Das heißt eigentlich, dass die „Erfolgreichen“ unserer Gesellschaft sich selber von Kritik schützen, indem sie denen, die sie als „Loser“ einstufen, das Recht auf Kritik absprechen, den Kritisierenden unmündig machen. „Du maulst nur rum, weil du unzufrieden bist“ kann nur jemand sagen, der sich abgrenzt und nichts mit real existierenden Problemen zu tun haben will, nur weil das nicht seine sind. Dass so ein Verhalten nicht dem Ideal einer Integrität und Solidarität entspricht, will ein erfolgreicher Bürger (nachfolgend „Winner“ genannt) natürlich nicht hören.
Aber wovor haben eigentlich Winner Angst, wenn man sie kritisiert?
Was verlieren sie, wenn sie die Kritik gelten lassen?

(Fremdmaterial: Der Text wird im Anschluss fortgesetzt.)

(* Consider a forward complete system $\dot x(t)=f(x_t,u(t))$ with delay-free output $y(t)=h_0(x(t))$ as in the context. Let $\alpha:\mathcal X^n\to\mathbb R_{\ge0}$ be continuous with $\alpha(0)=0$. Assume there exist $\beta\in\mathcal{KL}$ and $\rho,\kappa,\gamma\in\mathcal N$ such that for all $\xi\in\mathcal X^n$, $u\in\mathcal M$ and all $t\ge0$, $|y(t)|\le\max\{\beta(\alpha(\xi),\ t/(1+\rho(\|\xi\|_{\mathcal X}))),\ \kappa(\max_{\tau\in[-\theta,t]}|y(\tau)|),\ \gamma(\|u\|)\}$. Then there exists $\beta_1\in\mathcal{KL}$ such that for all $\xi,u$ and all $t\ge0$, $\|y_t\|_{\mathcal X}\le\max\{\beta_1(\tilde\alpha(\xi),\ t/(1+\rho(\|\xi\|_{\mathcal X}))),\ \kappa(\max_{\tau\in[0,t]}\|y_\tau\|_{\mathcal X}),\ \gamma(\|u\|)\}$, where $\tilde\alpha(\xi)=\max\{\alpha(\xi),H(\xi)\}$.
   Context: Fix $\theta>0$; $\mathcal X^k=C([-\theta,0],\mathbb R^k)$ with norm $\|\xi\|_{\mathcal X}=\max_{s\in[-\theta,0]}|\xi(s)|$; for a continuous $v$ on $[-\theta,b]$, $v_t(s)=v(t+s)$. $\mathcal M$: measurable locally essentially bounded $u:\mathbb R_{\ge0}\to\mathbb R^m$, $\|u\|$ the essential supremum on $[0,\infty)$. Classes: $\mathcal N$ = continuous nondecreasing $\sigma:\mathbb R_{\ge0}\to\mathbb R_{\ge0}$, $\sigma(0)=0$; $\mathcal K$ = strictly increasing ones; $\mathcal{KL}$ = $\beta(s,t)$ of class $\mathcal K$ in $s$ and decreasing to $0$ as $t\to\infty$. $f:\mathcal X^n\times\mathbb R^m\to\mathbb R^n$ is locally Lipschitz and maps bounded sets to bounded sets; $x(\cdot,\xi,u)$ is the unique maximal solution with $x(s)=\xi(s)$ on $[-\theta,0]$; forward complete means these exist for all $t\ge0$. $h_0:\mathbb R^n\to\mathbb R^p$ is continuous with $h_0(0)=0$, and along a solution $y(\tau)=h_0(x(\tau,\xi,u))$ for $\tau\ge-\theta$ (so $y(\tau)=h_0(\xi(\tau))$ on $[-\theta,0]$); $y_t\in\mathcal X^p$ is $y_t(s)=y(t+s)$. $H(\xi)=\max_{s\in[-\theta,0]}|h_0(\xi(s))|=\|y_0\|_{\mathcal X}$. *)

From HB Require Import structures.
From mathcomp Require Import all_boot all_order all_algebra.
From mathcomp Require Import all_classical all_reals all_analysis.
From mathcomp Require Import ess_sup_inf.
Set Implicit Arguments.
Unset Strict Implicit.
Unset Printing Implicit Defensive.
Lemma esum_geometric x : 0 <= x < 1 ->
  \esum_(m in [set: nat]) (x ^+ m)%:E = ((1 - x)^-1)%:E.
Proof.
move=> /andP[x0 x1].
rewrite -nneseries_esumT => [|m]; last by rewrite lee_fin exprn_ge0.
have := @cvg_geometric_series R 1 x; rewrite ger0_norm // mul1r => /(_ x1) geo.
apply/cvg_lim => //; apply/fine_cvgP; split; first by apply: nearW => n; rewrite sumEFin.
apply: cvg_trans geo; apply: near_eq_cvg; apply: nearW => n /=.
by rewrite sumEFin /= /series /=; under eq_bigr do rewrite mul1r.
Qed.

Lemma sum_geometric_deriv_closed x n :
  (\sum_(0 <= m < n.+1) m%:R * x ^+ m.-1) * (1 - x) ^+ 2
    = 1 - n.+1%:R * x ^+ n + n%:R * x ^+ n.+1.
Proof.
elim: n => [|n IH]; first by rewrite big_nat1 mul0r mul0r expr0 mulr1 mul0r addr0 subrr.
by rewrite big_nat_recr //= mulrDl IH -!natr1 !exprS; ring.
Qed.

Lemma sum_geometric_deriv_le x n : 0 <= x < 1 ->
  \sum_(0 <= m < n) m%:R * x ^+ m.-1 <= ((1 - x) ^+ 2)^-1.
Proof.
move=> /andP[x0 x1].
have sq_gt0 : 0 < (1 - x) ^+ 2 by rewrite exprn_gt0 // subr_gt0.
case: n => [|n]; first by rewrite big_geq // invr_ge0 ltW.
rewrite -(ler_pM2r sq_gt0) mulVf ?gt_eqF // sum_geometric_deriv_closed.
suff : n%:R * x ^+ n.+1 <= n.+1%:R * x ^+ n by lra.
apply: ler_pM; rewrite ?ler_nat ?exprn_ge0 //.
by rewrite exprS ler_piMl ?exprn_ge0 // ltW.
Qed.

Lemma esum_nat_shift (a : nat -> \bar R) : (forall m, 0 <= a m)%E ->
  (\esum_(m in [set: nat]) a m = a 0%N + \esum_(m in [set: nat]) a m.+1)%E.
Proof.
move=> a0; rewrite (esumID [set 0%N]) // setTI esum_set1 //; congr (_ + _)%E.
have -> : [set: nat] `&` ~` [set 0%N] = succn @` [set: nat].
  apply/seteqP; split => [[[_ /(_ erefl)]//|m _]|_ [m _ <-]//]; by exists m.
by rewrite esum_image //; move=> ? ? _ _ [].
Qed.
Lemma det_block_trig (T : comPzRingType) k (M : 'M[T]_k) (q : pred 'I_k) :
  (forall e f, e != f -> q e ==> q f -> M e f = 0) ->
  \det M = \prod_e M e e.
Proof.
move=> Mq; rewrite /determinant (bigD1 (1%g : 'S_k)) //= [X in _ + X]big1.
  rewrite odd_perm1 expr0 mul1r addr0.
  by apply: eq_bigr => i _; rewrite perm1.
move=> s s1.
have [j sj] : exists j, s j != j.
  apply/existsP; apply: contraR s1 => /existsPn fix_s; apply/eqP/permP => x.
  by rewrite perm1; apply/eqP; move: (fix_s x); rewrite negbK.
have vanish x : x != s x -> q x ==> q (s x) -> (-1) ^+ s * \prod_i M i (s i) = 0.
  by move=> sx qx; rewrite (bigD1 x) //= Mq // mul0r mulr0.
have [qj|] := boolP (q j ==> q (s j)); first by apply: (vanish j); rewrite // eq_sym.
rewrite negb_imply => /andP[_ qsj].
apply: (vanish (s j)); last by rewrite (negbTE qsj).
by apply: contra sj => /eqP/perm_inj <-.
Qed.

Section RealRoots.
Variable R : rcfType.
Implicit Types (p : {poly R}) (a b : R).

Lemma poly_ge0_noroot p a b : a <= b -> 0 < p.[a] ->
  {in `[a, b[, forall x, ~~ root p x} -> 0 <= p.[b].
Proof.
move=> ab pa noroot_p; rewrite leNgt; apply/negP => pb.
have [x xab px] : {x | x \in `]a, b[ & root p x}.
  by apply: poly_ivtoo => //; rewrite pmulr_rlt0.
have /noroot_p : x \in `[a, b[ by move: xab; rewrite !in_itv /= => /andP[/ltW -> ->].
by rewrite px.
Qed.

Lemma poly_gt0_noroot p a b : a <= b -> 0 < p.[a] ->
  {in `[a, b], forall x, ~~ root p x} -> 0 < p.[b].
Proof.
move=> ab pa noroot_p; rewrite lt_neqAle eq_sym.
have /rootPf -> /= : ~~ root p b by apply: noroot_p; rewrite in_itv /= ab lexx.
apply: poly_ge0_noroot pa _ => // x; rewrite in_itv /= => /andP[ax xb].
by apply: noroot_p; rewrite in_itv /= ax ltW.
Qed.

Lemma first_root p a b : p != 0 -> a < b -> root p b ->
  exists2 m, a < m <= b & root p m /\ {in `]a, m[, forall x, ~~ root p x}.
Proof.
move=> p0 ab pb; case: (next_rootP p a b) => [/eqP|m _ /rootP pm mab noroot_m|c _ _ nob].
- by rewrite (negbTE p0).
- by exists m; [rewrite (itvP mab) ltW ?(itvP mab) | split].
- by exists b; [rewrite ab lexx | split].
Qed.

End RealRoots.

Section DirectedEdges.
Variables (R : realType) (n : nat) (r : 'M[R]_n).
Hypothesis r_sym : forall i j, r i j = r j i.
Hypothesis r_diag0 : forall i, r i i = 0.

Local Notation m := #|dedges r|.

Definition edge (e : 'I_m) : 'I_n * 'I_n := enum_val e.

Lemma edge_nbr e : nbr r (edge e).1 (edge e).2.
Proof. by have := enum_valP e; rewrite inE. Qed.

Lemma edge_inj : injective edge.
Proof. exact: enum_val_inj. Qed.

Lemma nbr_sym i j : nbr r i j = nbr r j i.
Proof. by rewrite /nbr r_sym. Qed.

Vielleicht davor, dass einige von ihnen dann zugeben müssten, dass ihr Erfolg manchmal gar keinen ehrenwerten Charakterzügen oder Handlungen entspringt? Oder davor, dass das bestehende System, was für sie gut funktioniert, aufgeweicht wird und die Trennlinie zwischen „Winnern“ und „Losern“ verwischt? Warum muss man denn seine Identität auf Erfolg gründen und nicht beispielsweise auf der Fähigkeit, Mitgefühl, Toleranz und Solidarität zu leben?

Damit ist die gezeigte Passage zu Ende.